本论文以国家危机矿山办项目“四川省九寨沟马脑壳金矿接替资源勘查(项目编号:200651094)”子课题“马脑壳金矿青山梁地区找矿靶区快速评价”为依托,针对马脑壳及外围金矿快速找矿为目标,选择马脑壳外围青山梁地区为研究区,开展了基于多种核地球物理方法的金矿找矿模式研究及找矿应用。
马脑壳金矿为卡林型金矿,位于松潘-甘孜褶皱系与秦岭褶皱系的结合部位的川、甘、陕金三角金成矿带内,属于我国两大巨型卡林型金矿带之一的陕、甘、川“西北金三角”金矿带。卡林型金矿又名微细浸染型金矿,产于沉积岩及浅变质沉积岩中,赋矿主岩主要为碎屑岩及碳酸盐岩;有一套中低温的矿物共生组合和围岩蚀变;金的粒度多为次显微—显微级;在成因上属浅成中低温热液(渗流热卤水)金矿床。这类金矿成矿物质主要来自围岩地层,岩浆流体参与了成矿作用,矿床为与岩浆活动有关的混合热液金矿床。这类矿床中金与砷、锑、汞等元素的组合关系是最常见的组合关系。
根据卡林型金矿的地质特征与前期地质工作者对该区的实际找矿研究,总结出马脑壳地区的找矿标志主要包括:
构造标志:主断裂旁侧的派生断裂和破碎带,特别是发生在软硬岩层间的走向断裂及破碎带是很好的找矿标志。这为开展壤中α测量提供了依据。
围岩蚀变标志:褐铁矿化、绿泥石化、碳酸盐化、硅化、雄黄矿化、辉锑矿化发育的围岩及断裂带、破碎带是良好的找矿标志。这为开展γ能谱测量提供了依据。
地化标志:与断裂及破碎带、热液脉有关的较好的地球化学异常,其规模大,强度高,浓集中心明显,浓度分带明显,金、砷、锑、汞组合好,是良好的找矿标志。这为开展X荧光测量提供了依据。
考虑到马脑壳金矿床的矿物组合主要是微细浸染状硫化金属矿物,这类矿物在较高频率范围内具有良好的激发效率,这为开展偶极幅频激电工作提供了依据。
再考虑到马脑壳及外围实际地形地貌条件恶劣,最终我们选择了壤中α测量、γ能谱测量、X荧光测量、偶极幅频激电测量4种物化探技术,构建成马脑壳地区金矿快速找矿技术。这些方法不但都满足测量实际要求,而且仪器轻便,所用各种仪器设备的整机重量都不超过8kg,方便于随身携带,这也保证了方法技术的可实施性。

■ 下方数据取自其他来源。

(* Let $\mathbf{M}$ be a de Morgan algebra. The following are equivalent: (1) $\mathbf{M}$ is a perfect extension of its Boolean skeleton $B(\mathbf{M})$. (2) $\mathbf{M}$ is (isomorphic to) a Boolean product of copies of $\mathbf{M}_1$ and of its subalgebras $\{0,a,1\}$ and $\{0,1\}$. (3) In the dual space $\mathbf{X}=(X;f,\preccurlyeq,\tau)$ of $\mathbf{M}$, for all $x,y\in X$, $x\preccurlyeq y$ implies $x=y$ or $x=f(y)$.
   Context: A de Morgan algebra is an algebra $(L;\vee,\wedge,{}^\circ,0,1)$ where $(L;\vee,\wedge,0,1)$ is a bounded distributive lattice and ${}^\circ$ is a unary operation satisfying $x^{\circ\circ}=x$, $(x\wedge y)^\circ=x^\circ\vee y^\circ$, $1^\circ=0$. Its Boolean skeleton is the subalgebra $B(\mathbf{M})=\{x\in M\mid x\vee x^\circ=1\}$. An algebra $\mathbf{A}$ is a perfect extension of its subalgebra $\mathbf{B}$ if every congruence of $\mathbf{B}$ has exactly one extension to a congruence of $\mathbf{A}$ (i.e. exactly one $\theta\in\mathrm{Con}(\mathbf{A})$ with $\theta\cap B^2$ equal to the given congruence). $\mathbf{M}_1$ is the four-element de Morgan algebra on $\{0,a,b,1\}$ with lattice order $0<a,b<1$ ($a,b$ incomparable) and $0^\circ=1$, $1^\circ=0$, $a^\circ=a$, $b^\circ=b$. A Boolean product of an indexed family $(\mathbf{A}_y)_{y\in Y}$ of algebras ($Y\neq\emptyset$) is a subdirect product $\mathbf{A}\le\prod_{y\in Y}\mathbf{A}_y$ such that $Y$ can be endowed with a Boolean space topology (compact, Hausdorff, with a basis of clopen sets) so that (i) for all $u,v\in A$ the set $\{y\in Y\mid u(y)=v(y)\}$ is clopen, and (ii) for all $u,v\in A$ and clopen $K\subseteq Y$, the function equal to $u$ on $K$ and to $v$ on $Y\setminus K$ belongs to $A$. Dual space: the alter ego of $\mathbf{M}_1$ is $(\{0,a,b,1\};f,\preccurlyeq,\text{discrete topology})$ where $\preccurlyeq$ is the partial order with $b$ the bottom, $a$ the top, and $0,1$ incomparable, and $f(0)=0$, $f(1)=1$, $f(a)=b$, $f(b)=a$. The dual space of $\mathbf{M}$ is $\mathbf{X}=(X;f,\preccurlyeq,\tau)$ where $X$ is the set of all de Morgan algebra homomorphisms $\mathbf{M}\to\mathbf{M}_1$, $f(x)=f\circ x$, $x\preccurlyeq y$ iff $x(m)\preccurlyeq y(m)$ for all $m\in M$, and $\tau$ is the topology inherited from the product topology on $\{0,a,b,1\}^M$ (discrete factors). This is a Priestley space with an order-reversing homeomorphism $f$ of order two, and $\mathbf{M}$ is isomorphic to the algebra of all continuous maps $X\to\{0,a,b,1\}$ preserving $\preccurlyeq$ and commuting with $f$, with operations defined pointwise in $\mathbf{M}_1$. *)

From HB Require Import structures.
From mathcomp Require Import all_boot all_order.
From mathcomp Require Import all_classical topology.
Set Implicit Arguments. Unset Strict Implicit. Unset Printing Implicit Defensive.
Local Open Scope classical_set_scope.

Record dm_ops (T : Type) := DmOps {
  dm_join : T -> T -> T;
  dm_meet : T -> T -> T;
  dm_neg  : T -> T;
  dm_zero : T;
  dm_one  : T }.

Definition is_deMorgan (T : Type) (M : dm_ops T) : Prop :=
  let j := dm_join M in let m := dm_meet M in let n := dm_neg M in
  let z := dm_zero M in let o := dm_one M in
  (forall x y w, j x (j y w) = j (j x y) w) /\
  (forall x y w, m x (m y w) = m (m x y) w) /\
  (forall x y, j x y = j y x) /\
  (forall x y, m x y = m y x) /\
  (forall x y, j x (m x y) = x) /\
  (forall x y, m x (j x y) = x) /\
  (forall x y w, m x (j y w) = j (m x y) (m x w)) /\
  (forall x, j x z = x) /\
  (forall x, m x o = x) /\
  (forall x, n (n x) = x) /\
  (forall x y, n (m x y) = j (n x) (n y)) /\
  n o = z.

Definition is_subalgebra (T : Type) (M : dm_ops T) (S : T -> Prop) : Prop :=
  S (dm_zero M) /\ S (dm_one M) /\
  (forall x y, S x -> S y -> S (dm_join M x y)) /\
  (forall x y, S x -> S y -> S (dm_meet M x y)) /\
  (forall x, S x -> S (dm_neg M x)).

(** A congruence of S is represented by a relation on T which only
    relates elements of S, and is an equivalence relation on S compatible
    with the operations of S. *)
Definition is_congruence_on (T : Type) (M : dm_ops T) (S : T -> Prop)
    (th : T -> T -> Prop) : Prop :=
  (forall x y, th x y -> S x /\ S y) /\
  (forall x, S x -> th x x) /\
  (forall x y, th x y -> th y x) /\
  (forall x y w, th x y -> th y w -> th x w) /\
  (forall x x' y y', th x x' -> th y y' -> th (dm_join M x y) (dm_join M x' y')) /\
  (forall x x' y y', th x x' -> th y y' -> th (dm_meet M x y) (dm_meet M x' y')) /\
  (forall x x', th x x' -> th (dm_neg M x) (dm_neg M x')).

Definition is_congruence (T : Type) (M : dm_ops T) (th : T -> T -> Prop) : Prop :=
  is_congruence_on M (fun _ => True) th.

Definition restricts_to (T : Type) (S : T -> Prop) (th phi : T -> T -> Prop) : Prop :=
  forall x y, S x -> S y -> (th x y <-> phi x y).

Definition perfect_extension (T : Type) (M : dm_ops T) (S : T -> Prop) : Prop :=
  forall phi, is_congruence_on M S phi ->
    (exists th, is_congruence M th /\ restricts_to S th phi) /\
    (forall th1 th2, is_congruence M th1 -> restricts_to S th1 phi ->
                     is_congruence M th2 -> restricts_to S th2 phi ->
                     forall x y, th1 x y <-> th2 x y).

Definition boolean_skeleton (T : Type) (M : dm_ops T) : T -> Prop :=
  fun x => dm_join M x (dm_neg M x) = dm_one M.

Inductive m1 := m1_0 | m1_a | m1_b | m1_1.

Definition m1_join (x y : m1) : m1 :=
  match x, y with
  | m1_1, _ | _, m1_1 => m1_1
  | m1_0, y => y
  | x, m1_0 => x
  | m1_a, m1_a => m1_a
  | m1_b, m1_b => m1_b
  | _, _ => m1_1
  end.

Definition m1_meet (x y : m1) : m1 :=
  match x, y with
  | m1_0, _ | _, m1_0 => m1_0
  | m1_1, y => y
  | x, m1_1 => x
  | m1_a, m1_a => m1_a
  | m1_b, m1_b => m1_b
  | _, _ => m1_0
  end.

Definition m1_neg (x : m1) : m1 :=
  match x with m1_0 => m1_1 | m1_1 => m1_0 | m1_a => m1_a | m1_b => m1_b end.

Inductive factor := F_M1 | F_0a1 | F_01.

Definition in_factor (k : factor) (c : m1) : Prop :=
  match k with
  | F_M1 => True
  | F_0a1 => c = m1_0 \/ c = m1_a \/ c = m1_1
  | F_01 => c = m1_0 \/ c = m1_1
  end.

Definition boolean_space (Y : topologicalType) : Prop :=
  compact [set: Y] /\ hausdorff_space Y /\
  (forall U : set Y, open U -> forall y, U y ->
     exists K : set Y, clopen K /\ K y /\ K `<=` U).

(** P (a set of elements of prod_y A_y, where A_y is the subalgebra of M1
    named by [kind y]) is a Boolean product of the family (A_y)_y. *)
Definition boolean_product (Y : topologicalType) (kind : Y -> factor)
    (P : (Y -> m1) -> Prop) : Prop :=
  (exists y : Y, True) /\
  (forall u, P u -> forall y, in_factor (kind y) (u y)) /\
  P (fun _ => m1_0) /\ P (fun _ => m1_1) /\
  (forall u v, P u -> P v -> P (fun y => m1_join (u y) (v y))) /\
  (forall u v, P u -> P v -> P (fun y => m1_meet (u y) (v y))) /\
  (forall u, P u -> P (fun y => m1_neg (u y))) /\
  (forall y c, in_factor (kind y) c -> exists u, P u /\ u y = c) /\
  boolean_space Y /\
  (forall u v, P u -> P v -> clopen [set y | u y = v y]) /\
  (forall u v (K : set Y), P u -> P v -> clopen K ->
     forall w : Y -> m1, (forall y, K y -> w y = u y) ->
                         (forall y, ~ K y -> w y = v y) -> P w).
(* $u_2u_1u_2\subset U'$.
   Context: Let $B_3=\langle s_1,s_2\mid s_1s_2s_1=s_2s_1s_2\rangle$, $R_5=\mathbb{Z}[a,b,c,d,e,e^{-1}]$, and let $H_5$ be the quotient of the group algebra $R_5B_3$ by the relations $s_i^5=as_i^4+bs_i^3+cs_i^2+ds_i+e$ for $i=1,2$; identify $s_i$ with their images. For $i=1,2$ let $u_i$ be the $R_5$-subalgebra of $H_5$ generated by $s_i$. Set $\omega=s_2s_1^2s_2$. For $R_5$-submodules (or elements) $X_1,\dots,X_n$, $X_1\cdots X_n$ denotes the $R_5$-submodule spanned by products $x_1\cdots x_n$, $x_j\in X_j$; sums are sums of submodules. Define $U'=u_1u_2u_1+u_1\omega+u_1\omega^{-1}+u_1s_2^{-1}s_1^2s_2^{-1}u_1+u_1s_2s_1^{-2}s_2u_1+u_1s_2^2s_1^2s_2^2u_1+u_1s_2^{-2}s_1^{-2}s_2^{-2}u_1+u_1s_2s_1^{-2}s_2^2u_1+u_1s_2^{-1}s_1^2s_2^{-2}u_1+u_1s_2^{-1}s_1s_2^{-1}u_1+u_1s_2s_1^{-1}s_2u_1+u_1s_2^{-2}s_1^{-2}s_2^2u_1+u_1s_2^2s_1^2s_2^{-2}u_1+u_1s_2^2s_1^{-2}s_2^2u_1+u_1s_2^{-2}s_1^2s_2^{-2}u_1+u_1s_2^{-2}s_1s_2^{-1}u_1+u_1s_2^{-1}s_1s_2^{-2}u_1$. *)

From mathcomp Require Import all_boot all_order all_algebra.
Set Implicit Arguments. Unset Strict Implicit. Unset Printing Implicit Defensive.
Import GRing.Theory.
Local Open Scope ring_scope.

(* R-submodules of an R-algebra A are represented as predicates A -> Prop. *)
Section Submodules.
Variables (R : comUnitRingType) (A : algType R).

Definition spanM (P : A -> Prop) : A -> Prop :=
  fun x => exists n (c : 'I_n -> R) (v : 'I_n -> A),
    (forall i, P (v i)) /\ x = \sum_(i < n) c i *: v i.

Definition mulM (X Y : A -> Prop) : A -> Prop :=
  spanM (fun z => exists x y, [/\ X x, Y y & z = x * y]).

Definition addM (X Y : A -> Prop) : A -> Prop :=
  fun z => exists x y, [/\ X x, Y y & z = x + y].

Definition eltM (g : A) : A -> Prop := fun x => x = g.

Definition genM (s : A) : A -> Prop :=
  fun x => exists n (c : 'I_n -> R), x = \sum_(k < n) c k *: s ^+ k.

Definition subM (X Y : A -> Prop) : Prop := forall x, X x -> Y x.

Definition sandM (u : A -> Prop) (g : A) : A -> Prop := mulM (mulM u (eltM g)) u.
(* Let $D$ be a transportability diagram and let $G$ be the subgraph obtained by removing all transportability nodes $T$ from $D$. Let $X,Y,Z$ be disjoint sets of vertices of $D$ containing no transportability nodes. Then $X$ and $Y$ are d-separated by $Z\cup T'$ in $D$ for every $T'\subseteq T$ if and only if $X$ and $Y$ are d-separated by $Z$ in $G$.
   Context: A (semi-Markovian) graph $G=(V,E)$ has directed edges forming an acyclic graph and bidirected edges $V_j\leftrightarrow V_k$. A transportability diagram $D$ is such a graph $G$ together with a set $T$ of additional vertices (transportability nodes), each having exactly one incident edge, a directed edge $T_j\to V_j$ with $V_j\in V$. d-separation: a path is blocked by a set $Z$ if it contains a non-collider $M\in Z$ (patterns $I\to M\to J$, $I\leftrightarrow M\to J$, $I\leftarrow M\to J$ and their reversals) or a collider $M$ (patterns $I\to M\leftarrow J$, $I\leftrightarrow M\leftarrow J$, $I\leftrightarrow M\leftrightarrow J$) with $\mathrm{De}(M)\cap Z=\emptyset$, where $\mathrm{De}(M)$ is $M$ together with its descendants; disjoint $X,Y$ are d-separated by $Z$ if every path between $X$ and $Y$ is blocked by $Z$. *)

From mathcomp Require Import all_boot.
Set Implicit Arguments. Unset Strict Implicit. Unset Printing Implicit Defensive.

(* A mixed graph on a finite vertex type: directed edges [gdir a b] means
   a -> b, bidirected edges [gbi a b] means a <-> b. *)
Record mgraph (V : finType) := MGraph { gdir : rel V; gbi : rel V }.

Definition dacyclic (V : finType) (e : rel V) : Prop :=
  forall x y, e x y -> ~~ connect e y x.

Definition semi_markovian (V : finType) (g : mgraph V) : Prop :=
  [/\ dacyclic (gdir g), symmetric (gbi g) & irreflexive (gbi g)].

(* kinds of edges traversed along a path from the current vertex a to the next b:
   EF : a -> b,  EB : a <- b,  EBi : a <-> b *)
Inductive ekind := EF | EB | EBi.

Definition edge_of (V : finType) (g : mgraph V) (k : ekind) (a b : V) : bool :=
  match k with EF => gdir g a b | EB => gdir g b a | EBi => gbi g a b end.

(* a path is a start vertex x together with a list of steps (edge kind, next vertex) *)
Fixpoint valid_steps (V : finType) (g : mgraph V) (x : V) (s : seq (ekind * V)) : bool :=
  match s with
  | [::] => true
  | (k, y) :: s' => edge_of g k x y && valid_steps g y s'
  end.

Definition is_path (V : finType) (g : mgraph V) (x : V) (s : seq (ekind * V)) : bool :=
  valid_steps g x s && uniq (x :: map snd s).

(* arrowhead at the middle vertex on the incoming edge (prev ? m) *)
Definition head_in (k : ekind) : bool := match k with EB => false | _ => true end.
(* arrowhead at the middle vertex on the outgoing edge (m ? next) *)
Definition head_out (k : ekind) : bool := match k with EF => false | _ => true end.

Definition collider (kin kout : ekind) : bool := head_in kin && head_out kout.

Definition De (V : finType) (g : mgraph V) (m : V) : {set V} :=
  [set y | connect (gdir g) m y].

Definition blocks_at (V : finType) (g : mgraph V) (Z : {set V})
    (kin : ekind) (m : V) (kout : ekind) : bool :=
  if collider kin kout then De g m :&: Z == set0 else m \in Z.

Fixpoint blocked_from (V : finType) (g : mgraph V) (Z : {set V})
    (kin : ekind) (m : V) (s : seq (ekind * V)) : bool :=
  match s with
  | [::] => false
  | (k, y) :: s' => blocks_at g Z kin m k || blocked_from g Z k y s'
  end.

Definition blocked (V : finType) (g : mgraph V) (Z : {set V}) (x : V)
    (s : seq (ekind * V)) : bool :=
  match s with
  | [::] => false
  | (k, y) :: s' => blocked_from g Z k y s'
  end.

Definition dsep (V : finType) (g : mgraph V) (X Y Z : {set V}) : Prop :=
  forall (x : V) (s : seq (ekind * V)),
    x \in X -> last x (map snd s) \in Y -> is_path g x s -> blocked g Z x s.

Definition transp_diagram (W : finType) (g : mgraph W) (T : {set W}) : Prop :=
  semi_markovian g /\
  forall t, t \in T ->
    exists2 v, v \notin T &
      [/\ gdir g t v,
          forall u, gdir g t u -> u = v,
          forall u, ~~ gdir g u t,
          forall u, ~~ gbi g t u
        & forall u, ~~ gbi g u t].

Definition remove_nodes (W : finType) (g : mgraph W) (T : {set W}) :
    mgraph {x : W | x \notin T} :=
  MGraph (fun a b : {x : W | x \notin T} => gdir g (val a) (val b))
         (fun a b : {x : W | x \notin T} => gbi g (val a) (val b)).

Definition restrict (W : finType) (T : {set W}) (A : {set W}) :
    {set {x : W | x \notin T}} :=
  [set v : {x : W | x \notin T} | val v \in A].

From mathcomp Require Import all_boot.
Set Implicit Arguments. Unset Strict Implicit. Unset Printing Implicit Defensive.

(* A transportability node has a single neighbour, so it can only be an
   endpoint of a simple path; hence the paths between X and Y in D are exactly
   the paths of G.  It has no parents either, so it is never a descendant of a
   vertex of G; hence adding T' to Z changes neither the non-colliders in the
   conditioning set nor the colliders with a descendant in it.  Every path is
   therefore blocked by Z :|: T' in D iff it is blocked by Z in G. *)

Definition adjacent (V : finType) (g : mgraph V) (a b : V) : bool :=
  [|| gdir g a b, gdir g b a, gbi g a b | gbi g b a].

Lemma adjacentC (V : finType) (g : mgraph V) (a b : V) :
  adjacent g a b = adjacent g b a.
Proof.
by rewrite /adjacent; case: (gdir g a b); case: (gdir g b a);
   case: (gbi g a b); case: (gbi g b a).
Qed.

Lemma edge_of_adjacent (V : finType) (g : mgraph V) k (a b : V) :
  edge_of g k a b -> adjacent g a b.
Proof. by case: k => /= e; rewrite /adjacent e ?orbT. Qed.

Lemma is_path_cons (V : finType) (g : mgraph V) (x y : V) k s :
  is_path g x ((k, y) :: s) =
  [&& edge_of g k x y, x \notin y :: map snd s & is_path g y s].
Proof.
by rewrite /is_path /=; case: edge_of; case: (x \in _); case: valid_steps.
Qed.

Lemma transp_parentless (W : finType) (D : mgraph W) (T : {set W}) u t :
  transp_diagram D T -> t \in T -> ~~ gdir D u t.
Proof. by case=> _ tD /tD [v _ []]. Qed.

Lemma transp_adjacent_eq (W : finType) (D : mgraph W) (T : {set W}) t u w :
  transp_diagram D T -> t \in T -> adjacent D t u -> adjacent D t w -> u = w.
Proof.
case=> _ tD /tD [v _ [_ childE noparent nobi_l nobi_r]].
have adjE z : adjacent D t z -> z = v.
  by rewrite /adjacent (negbTE (noparent z)) (negbTE (nobi_l z))
             (negbTE (nobi_r z)) !orbF => /childE.
by move=> /adjE -> /adjE ->.
Qed.

Section RemoveNodes.

Variables (W : finType) (D : mgraph W) (T : {set W}).

Local Notation V := {x : W | x \notin T}.
Local Notation G := (remove_nodes D T).

Hypothesis parentless : forall u t, t \in T -> ~~ gdir D u t.
Hypothesis lone_neighbour :
  forall t u w, t \in T -> adjacent D t u -> adjacent D t w -> u = w.

Definition lift_steps (s : seq (ekind * V)) : seq (ekind * W) :=
  [seq (p.1, val p.2) | p <- s].

Lemma map_snd_lift_steps s : map snd (lift_steps s) = map val (map snd s).
Proof. by rewrite -!map_comp. Qed.

Lemma last_lift_steps (x : V) s :
  last (val x) (map snd (lift_steps s)) = val (last x (map snd s)).
Proof. by rewrite map_snd_lift_steps last_map. Qed.

Lemma valid_steps_lift (x : V) s :
  valid_steps D (val x) (lift_steps s) = valid_steps G x s.
Proof. by elim: s x => [|[k y] s IHs] x //=; rewrite IHs; case: k. Qed.

Lemma is_path_lift (x : V) s : is_path D (val x) (lift_steps s) = is_path G x s.
Proof.
rewrite /is_path valid_steps_lift map_snd_lift_steps.
by rewrite -[_ :: map val _]/(map val (x :: _)) (map_inj_uniq val_inj).
Qed.

Lemma lift_steps_avoiding (s : seq (ekind * W)) :
  all (fun p => p.2 \notin T) s -> exists s', s = lift_steps s'.
Proof.
elim: s => [|[k y] s IHs] /=; first by exists [::].
by case/andP=> yT /IHs [s' ->]; exists ((k, Sub y yT) :: s').
Qed.

Lemma path_avoids (x : W) s : is_path D x s ->
  x \notin T -> last x (map snd s) \notin T -> all (fun p => p.2 \notin T) s.
Proof.
elim: s x => [|[k y] s IHs] x //=; rewrite is_path_cons.
case/and3P=> exy xNs pys xT lT.
have yT : y \notin T.
  case: s {IHs} xNs pys lT => [|[k' w] s] //= xNs pys _.
  apply/negP=> yT; move: pys; rewrite is_path_cons => /andP [eyw _].
  have xw : x = w.
    by apply: lone_neighbour yT _ (edge_of_adjacent eyw);
       rewrite adjacentC (edge_of_adjacent exy).
  by move: xNs; rewrite xw !inE eqxx orbT.
by rewrite yT (IHs y).
Qed.

Lemma connect_parentless (x y : W) :
  connect (gdir D) x y -> x \notin T -> y \notin T.
Proof.
case/connectP=> p; case/lastP: p => [|p z] /=; first by move=> _ ->.
rewrite rcons_path last_rcons => /andP [_ ez] -> _.
by apply/negP=> /(parentless (last x p)); rewrite ez.
Qed.

Lemma connect_remove_nodes (m y : V) :
  connect (gdir G) m y = connect (gdir D) (val m) (val y).
Proof.
apply/idP/idP; case/connectP=> p.
  elim: p m => [_ _ -> //|z p IHp] m /= /andP [emz pz] yE.
  exact: connect_trans (connect1 emz) (IHp z pz yE).
elim: p m => [_ _ /val_inj -> //|z p IHp] m /= /andP [emz pz] yE.
have zT : z \notin T by apply: connect_parentless (connect1 emz) (valP m).
have mz : gdir G m (Sub z zT) by [].
exact: connect_trans (connect1 mz) (IHp (Sub z zT) pz yE).
Qed.

Section Conditioning.

Variables (Z T' : {set W}).
Hypothesis subT' : T' \subset T.

Lemma mem_setU_restrict (m : V) : (val m \in Z :|: T') = (m \in restrict T Z).
Proof.
rewrite !inE; case: (val m \in Z) => //=.
by apply/negP=> /(subsetP subT'); rewrite (negbTE (valP m)).
Qed.

Lemma blocks_at_remove_nodes kin (m : V) kout :
  blocks_at D (Z :|: T') kin (val m) kout = blocks_at G (restrict T Z) kin m kout.
Proof.
rewrite /blocks_at; case: collider; last exact: mem_setU_restrict.
rewrite !setI_eq0 !disjoints_subset; apply/subsetP/subsetP => disj y.
  rewrite /De inE connect_remove_nodes in_setC -mem_setU_restrict => my.
  by rewrite -in_setC; apply: disj; rewrite /De inE.
rewrite /De inE => my.
have yT := connect_parentless my (valP m).
rewrite -[y]/(val (Sub y yT : V)) in_setC mem_setU_restrict -in_setC.
by apply: disj; rewrite /De inE connect_remove_nodes.
Qed.

Lemma blocked_lift (x : V) s :
  blocked D (Z :|: T') (val x) (lift_steps s) = blocked G (restrict T Z) x s.
Proof.
case: s => [|[k y] s] //=.
by elim: s k y => [|[k' y'] s IHs] k y //=; rewrite IHs blocks_at_remove_nodes.
Qed.

Lemma dsep_remove_nodes (X Y : {set W}) :
  [disjoint X & T] -> [disjoint Y & T] ->
  dsep D X Y (Z :|: T') <-> dsep G (restrict T X) (restrict T Y) (restrict T Z).
Proof.
move=> dXT dYT; split.
  move=> sepD x s xX lY pxs.
  rewrite -blocked_lift; apply: sepD.
  - by move: xX; rewrite inE.
  - by rewrite last_lift_steps; move: lY; rewrite inE.
  - by rewrite is_path_lift.
move=> sepG x s xX lY pxs.
have xT : x \notin T by rewrite (disjointFr dXT xX).
have lT : last x (map snd s) \notin T by rewrite (disjointFr dYT lY).
have [s' sE] := lift_steps_avoiding (path_avoids pxs xT lT).
subst s.
rewrite -[x]/(val (Sub x xT : V)) blocked_lift.
apply: sepG.
- by rewrite inE.
- by rewrite inE -last_lift_steps.
- by rewrite -is_path_lift.
Qed.

End Conditioning.

End RemoveNodes.

Theorem lemma1 (W : finType) (D : mgraph W) (T X Y Z : {set W}) :
  transp_diagram D T ->
  [disjoint X & T] -> [disjoint Y & T] -> [disjoint Z & T] ->
  [disjoint X & Y] -> [disjoint X & Z] -> [disjoint Y & Z] ->
  (forall T' : {set W}, T' \subset T -> dsep D X Y (Z :|: T')) <->
  dsep (remove_nodes D T) (restrict T X) (restrict T Y) (restrict T Z).
Proof.
move=> tD dXT dYT _ _ _ _.
have parentless u t : t \in T -> ~~ gdir D u t by apply: transp_parentless.
have lone_neighbour t u w : t \in T -> adjacent D t u -> adjacent D t w -> u = w.
  exact: transp_adjacent_eq.
have sepE (T' : {set W}) : T' \subset T -> _ :=
  fun subT' => dsep_remove_nodes parentless lone_neighbour Z subT' dXT dYT.
split=> [sepD | sepG T' subT']; first exact/(sepE _ (sub0set T))/sepD/sub0set.
exact/sepE.
Qed.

在青山梁4km2区域的现场测量中,根据马脑壳金矿受构造控制的特点,以控制工作区内北西-南东向控矿构造为目的,按大致垂直于构造,按200×20 m网格布设了15条测线,开展了同线共点的壤中α测量、γ能谱测量、X荧光测量。在捕获的异常区及其相邻区域,则将测网加密到100×10 m。
在已知金矿上的可行性实验表明,金矿体上方As、Cu、Pb、Zn呈现异常,同时伴生有U、Th和土壤α异常。据此,在青山梁4km2区域对壤中α测量、γ能谱测量、X荧光测量资料进行整理,以As为主,圈定出有γ能谱与土壤α异常相伴的5个异常。异常编号分别记As_1~As_5。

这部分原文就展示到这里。